We asked 100 of today’s best players to tell us the violinists who have inspired them most. Each had three choices, with the stipulation that they must have heard them either on disc or live (you can see how they voted here). We, then totted up the results to produce the following Top 20 of the greatest violinists of the recorded era…

20 George Enescu

(1881-1955) Romanian

George Enescu was a prodigiously gifted musician whose celebrity was limited by his own modesty and dislike of showmanship for its own sake. Not only a violinist, he was Romania’s leading composer, a distinguished conductor and a teacher whose pupils included Yehudi Menuhin, Arthur Grumiaux, Ivry Gitlis, Christian Ferras and Ida Haendel. From the age of four he studied violin with the gypsy player Lae Chioru and made his first public appearance, aged eight, as a violinist in 1889. Enescu then studied composition and violin at the Paris Conservatoire, supplementing his official violin lessons with the Paris-based Cuban violinist José White. He toured widely as a violinist (both as a solo and chamber musician) and conductor, but regarded his chief vocation as a composer. His unshowily pristine and song-like violin playing is preserved in the few recordings he made in the US during the 1920s, and his 1940s recordings of Bach’s Solo Sonatas and Partitas.

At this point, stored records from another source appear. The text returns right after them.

Lemma MnP X : Mn X <-> forall A, alg_cycle (@ladder_inc n) A -> ~ Defs.subset A X.
Proof. by split=> [free A cycA AX | free [A [AX /free]]]; [apply: free; exists A | apply]. Qed.

Lemma Mn_finite_cycle_free X : Mn X -> finite_cycle_free X.
Proof. by move=> /MnP free A cycA _; apply: free. Qed.

Lemma Mn_subset X Y : Defs.subset Y X -> Mn X -> Mn Y.
Proof. exact: alg_cycle_indep_subset. Qed.

End Independence.

Section Windows.
Variable n : nat.
Implicit Types (X : eset (ledge n)) (c : 'I_n).

(* u_N and w_N are joined by a path of X inside the first N levels of copy c. *)
Definition linked X c N : Prop := exists2 a, a <= N &
  X (c, a, Rung) /\ forall i, a <= i < N -> X (c, i, RailU) /\ X (c, i, RailW).

Lemma linked_rung X c N : X (c, N, Rung) -> linked X c N.
Proof. by exists N => //; split=> // i /andP[/leq_ltn_trans lt /lt]; rewrite ltnn. Qed.

Lemma linked0 X c : linked X c 0 <-> X (c, 0, Rung).
Proof.
by split=> [[a] | /linked_rung]; first by rewrite leqn0 => /eqP-> [].
Qed.

Lemma linkedS X c N : linked X c N.+1 <->
  X (c, N.+1, Rung) \/ [/\ linked X c N, X (c, N, RailU) & X (c, N, RailW)].
Proof.
split=> [[a] | [XR | [[a aN [Xa run]] XU XW]]].
- rewrite leq_eqVlt => /orP[/eqP-> [] | aN [Xa run]]; first by left.
  have /run [XU XW] : a <= N < N.+1 by rewrite -ltnS aN ltnSn.
  right; split=> //; exists a => //; split=> // i /andP[ai iN].
  by apply: run; rewrite ai ltnW.
- exact: linked_rung.
exists a; first exact: leqW; split=> // i /andP[ai].
by rewrite ltnS leq_eqVlt => /orP[/eqP-> // | iN]; apply: run; rewrite ai.
Qed.

Lemma linked_subset X Y c N : Defs.subset X Y -> linked X c N -> linked Y c N.
Proof. by move=> XY [a aN [Xa run]]; exists a => //; split=> [|i /run[]]; auto. Qed.

Lemma linkedSb X c N : `[< linked X c N.+1 >] = `[< X (c, N.+1, Rung) >] ||
  [&& `[< linked X c N >], `[< X (c, N, RailU) >] & `[< X (c, N, RailW) >]].
Proof.
rewrite (asbool_equiv_eq (linkedS X c N)) asbool_or; congr (_ || _).
exact: asbool_equiv_eqP (and3_asboolP _ _ _) (iff_refl _).
Qed.

Fixpoint window c N : seq (ledge n) :=
  if N is M.+1 then [:: (c, N, Rung), (c, M, RailU), (c, M, RailW) & window c M]
  else [:: (c, 0, Rung)].

Lemma mem_window c N e :
  (e \in window c N) = (e.1.1 == c) && (if e.2 is Rung then e.1.2 <= N else e.1.2 < N).
Proof.
case: e => [[c' i] kd] /=; case: kd; elim: N => [|N IH]; rewrite /= !inE ?IH !xpair_eqE;
  by case: (c' == c); rewrite ?eqE /=; lia.
Qed.

Lemma linked_setU1 X c N e : e \notin window c N -> linked (setU1 X e) c N -> linked X c N.
Proof.
move=> eW [a aN [Xa run]]; have inX x : x \in window c N -> setU1 X e x -> X x.
  by move=> xW [xe|] //; move: eW; rewrite -xe xW.
exists a => //; split=> [|i /[dup] /andP[_ iN] /run[XU XW]].
  by apply: inX Xa; rewrite mem_window /= eqxx.
by split; apply: inX; rewrite // mem_window /= eqxx.
Qed.

Lemma even_set_linked A c N : even_set A -> A (c, N, RailU) -> linked A c N.
Proof.
move=> evenA /(even_set_run evenA) [a aN [Aa run]]; exists a => //; split=> // i /andP[ai iN].
by apply: run; rewrite ai ltnW.
Qed.

Lemma uniq_window c N : uniq (window c N).
Proof.
elim: N => [|N IH] //=; rewrite IH !inE !mem_window /= !xpair_eqE !eqxx /=.
by rewrite ?eqE /=; lia.
Qed.

Lemma count_window_succ X c N : count_in X (window c N.+1) = `[< X (c, N.+1, Rung) >] +
  `[< X (c, N, RailU) >] + `[< X (c, N, RailW) >] + count_in X (window c N).
Proof. by rewrite /count_in /= !addnA. Qed.

Lemma ladder_cycle_subset X c (P : nat -> bool) :
  (forall i, jump P i -> X (c, i, Rung)) -> (forall i, P i -> X (c, i, RailU) /\ X (c, i, RailW)) ->
  Defs.subset (ladder_cycle c P) X.
Proof. by move=> rungs rails [[c' i] []] /andP[/eqP-> /=] => [/rungs | /rails[] | /rails[]]. Qed.

Definition rectangle c a b : eset (ledge n) := ladder_cycle c (fun i => a <= i < b).

Definition ray c a : eset (ledge n) := ladder_cycle c (fun i => a <= i).

Lemma rectangle_alg c a b : a < b -> alg_cycle (@ladder_inc n) (rectangle c a b).
Proof. by move=> ab; apply: (ladder_cycle_alg _ (i := a)); rewrite leqnn. Qed.

Lemma rectangle_finite c a b : a < b -> finite_set (rectangle c a b).
Proof.
move=> ab; exists (window c b) => -[[c' i] kd] /andP[/eqP-> /=].
rewrite In_mem mem_window /= eqxx; case: kd => /= [|/andP[_ ib]|/andP[_ ib]] //.
by rewrite jump_interval // => /orP[] /eqP-> //; exact: ltnW.
Qed.

Lemma ray_alg c a : alg_cycle (@ladder_inc n) (ray c a).
Proof. by apply: (ladder_cycle_alg _ (i := a)); rewrite leqnn. Qed.

Lemma rectangle_subset X c a b : a < b -> X (c, a, Rung) -> X (c, b, Rung) ->
  (forall i, a <= i < b -> X (c, i, RailU) /\ X (c, i, RailW)) -> Defs.subset (rectangle c a b) X.
Proof.
move=> ab Xa Xb rails; apply: ladder_cycle_subset => // i.
by rewrite jump_interval // => /orP[] /eqP->.
Qed.
(* Let $W_0\in\mathcal{W}$, let $s_0\in\mathbb{R}^{|I||J|}$ be a fixed vector and $S_0\in\mathbb{R}^{|I||J|\times|I||J|}$ a fixed matrix, and consider the linear assignment flow $$\dot W=\Pi_W\Big(s_0+S_0\,\Pi_{W_0}\log\frac{W}{W_0}\Big),\qquad W(0)=W_0 .$$ Then its solution admits the representation $$W(t)=\mathrm{Exp}_{W_0}\big(V(t)\big),$$ where $V(t)\in\mathcal{T}_0$ solves the linear ODE $$\dot V=\Pi_{W_0}(s_0+S_0V),\qquad V(0)=0 .$$
   Context: Let $I,J$ be finite index sets. Operations on vectors (products, quotients, $\log$, $e^{(\cdot)}$) are componentwise. $\mathcal{S}=\{p\in\mathbb{R}^{|J|}: p_j>0,\ \langle\mathbb{1},p\rangle=1\}$, $T_0=\{v\in\mathbb{R}^{|J|}:\langle\mathbb{1},v\rangle=0\}$. For $p\in\mathcal{S}$, $\Pi_p(z)=(\mathrm{Diag}(p)-pp^\top)z$ and $\mathrm{Exp}_p:T_0\to\mathcal{S}$, $\mathrm{Exp}_p(v)=\frac{p\,e^{v/p}}{\langle p,e^{v/p}\rangle}$ (whose inverse is $q\mapsto\Pi_p\log\frac{q}{p}$). The assignment manifold is $\mathcal{W}=\mathcal{S}^{|I|}$ with points $W=(W_i)_{i\in I}$, and $\mathcal{T}_0=T_0^{|I|}$; the maps $\Pi_W$ and $\mathrm{Exp}_W$ act blockwise: $(\Pi_WZ)_i=\Pi_{W_i}Z_i$, $(\mathrm{Exp}_W V)_i=\mathrm{Exp}_{W_i}(V_i)$. *)

From HB Require Import structures.
From mathcomp Require Import all_boot all_order all_algebra.
From mathcomp Require Import all_classical all_reals all_analysis.
Set Implicit Arguments. Unset Strict Implicit. Unset Printing Implicit Defensive.
Import Order.TTheory GRing.Theory Num.Theory.
Local Open Scope ring_scope.

(* Index sets I = 'I_m, J = 'I_n.  A point W of the assignment manifold
   (or a tangent vector, or an element of R^{|I||J|}) is an m x n matrix
   whose i-th row is W_i. *)
Section Assignment.
Variables (R : realType) (m n : nat).

Definition in_simplex (p : 'rV[R]_n) : Prop :=
  (forall j, 0 < p 0 j) /\ \sum_j p 0 j = 1.

Definition in_assign (W : 'M[R]_(m, n)) : Prop :=
  forall i, in_simplex (row i W).

Definition in_tangent0 (V : 'M[R]_(m, n)) : Prop :=
  forall i, \sum_j V i j = 0.

(* (Pi_W Z)_i = (Diag(W_i) - W_i W_i^T) Z_i *)
Definition PiW (W Z : 'M[R]_(m, n)) : 'M[R]_(m, n) :=
  \matrix_(i, j) (W i j * Z i j - W i j * \sum_k W i k * Z i k).

Definition ExpW (W V : 'M[R]_(m, n)) : 'M[R]_(m, n) :=
  \matrix_(i, j) (W i j * expR (V i j / W i j) /
                  \sum_k W i k * expR (V i k / W i k)).

Definition logratio (W W0 : 'M[R]_(m, n)) : 'M[R]_(m, n) :=
  \matrix_(i, j) ln (W i j / W0 i j).

(* action of a |I||J| x |I||J| matrix S on a vector of R^{|I||J|},
   the vector being identified with an m x n matrix via mxvec *)
Definition applyS (S : 'M[R]_(m * n)) (V : 'M[R]_(m, n)) : 'M[R]_(m, n) :=
  vec_mx (mxvec V *m S^T).

End Assignment.

From HB Require Import structures.
From mathcomp Require Import all_boot all_order all_algebra.
From mathcomp Require Import all_classical all_reals all_analysis.
From mathcomp Require Import ring lra.
Import Order.TTheory GRing.Theory Num.Theory.
Local Open Scope ring_scope.

(* Along the flow, Y := Pi_W0 log(W / W0) solves the same linear ODE as V:
   rowwise d/dt log(W / W0) = Pi_W Z / W = Z - <W, Z> 1, and Pi_W0 kills the
   constant rows.  So D := Y - V solves D' = (Pi_W0 o S0) D with D(0) = 0, and
   Gronwall's inequality for |D|^2 gives D = 0.  Finally Exp_W0 inverts
   q |-> Pi_W0 log(q / W0), hence W = Exp_W0(Y) = Exp_W0(V). *)

Section MatrixDerive.
Context {R : realType} {m n : nat}.
Implicit Types (t : R) (M : R -> 'M[R]_(m, n)) (L : {linear 'M[R]_(m, n) -> 'M[R]_(m, n)}).
Lemma fine_le_mulD (k : R) (a b c : \bar R) :
  a \is a fin_num -> b \is a fin_num -> c \is a fin_num ->
  (a <= k%:E * (b + c))%E -> fine a <= k * (fine b + fine c).
Proof. by case: a b c => [a| |] // [b| |] // [c| |] //; rewrite -EFinD -EFinM lee_fin. Qed.

End SeriesFacts.

Section Rearrangement.
Variable R : realType.
Implicit Types (x y : nat -> R) (s : seq nat).

Definition bounded_seq x := exists M, forall k, `|x k| <= M.

Lemma c0_bounded x : c0_mem x -> bounded_seq x.
Proof.
move=> x0; have /cvg_seq_bounded [M [_ HM]] : cvgn x by apply/cvg_ex; exists 0.
by exists (M + 1) => k; apply: (HM (M + 1)); rewrite ?ltrDl.
Qed.

Lemma bounded_seqD x y :
  bounded_seq x -> bounded_seq y -> bounded_seq (fun k => x k + y k).
Proof.
move=> [Mx Hx] [My Hy]; exists (Mx + My) => k.
exact: le_trans (ler_normD _ _) (lerD (Hx k) (Hy k)).
Qed.

Lemma bounded_seq_comp x (f : nat -> nat) : bounded_seq x -> bounded_seq (x \o f).
Proof. by move=> [M HM]; exists M => k; exact: HM. Qed.

Definition sup_outside x s := sup [set `|x k| | k in [set k | k \notin s]].

Lemma sumn_notin s : (sumn s).+1 \notin s.
Proof.
have le_sumn k : k \in s -> (k <= sumn s)%N.
  elim: s => [//|a s IH]; rewrite in_cons => /orP[/eqP->|/IH] /=; lia.
by apply/negP => /le_sumn; lia.
Qed.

ESSENTIAL RECORDING: The Columbia Solo recordings – works by Chausson, Corelli, Enescu, Handel, Kreisler and Pugnani

Opus Kura OPK 2086

Check out George Enescu on Spotify

19 Frank Peter Zimmerman

(b.1965) German

Frank Peter Zimmerman

At the heart of Frank Peter Zimmermann’s repertoire are the great violin concertos. ‘I always go over the works I’ve often played as if I had never known them, seeking for fresh perspectives,’ he says. It’s this searching spirit and thoughtful intelligence that distinguishes Zimmermann’s playing, not forgetting an unflappable technique and pure, warm and strong sound. After studies in Germany and Amsterdam, the German violinist embarked on his solo career in 1983, soon performing around the world and recording many of the major concertos for EMI. Zimmermann has also made his mark with contemporary music, premiering works by Matthias Pintscher, Brett Dean and Augusta Read Thomas. But it’s playing chamber music that gives Zimmermann the most satisfaction at the moment, he recently told BBC Music Magazine. In 2007 he formed the Trio Zimmermann with viola player Antoine Tamestit and cellist Christian Poltéra. Their thrilling Beethoven String Trios CD on the BIS record label won a BBC Music Magazine Chamber Award in 2013.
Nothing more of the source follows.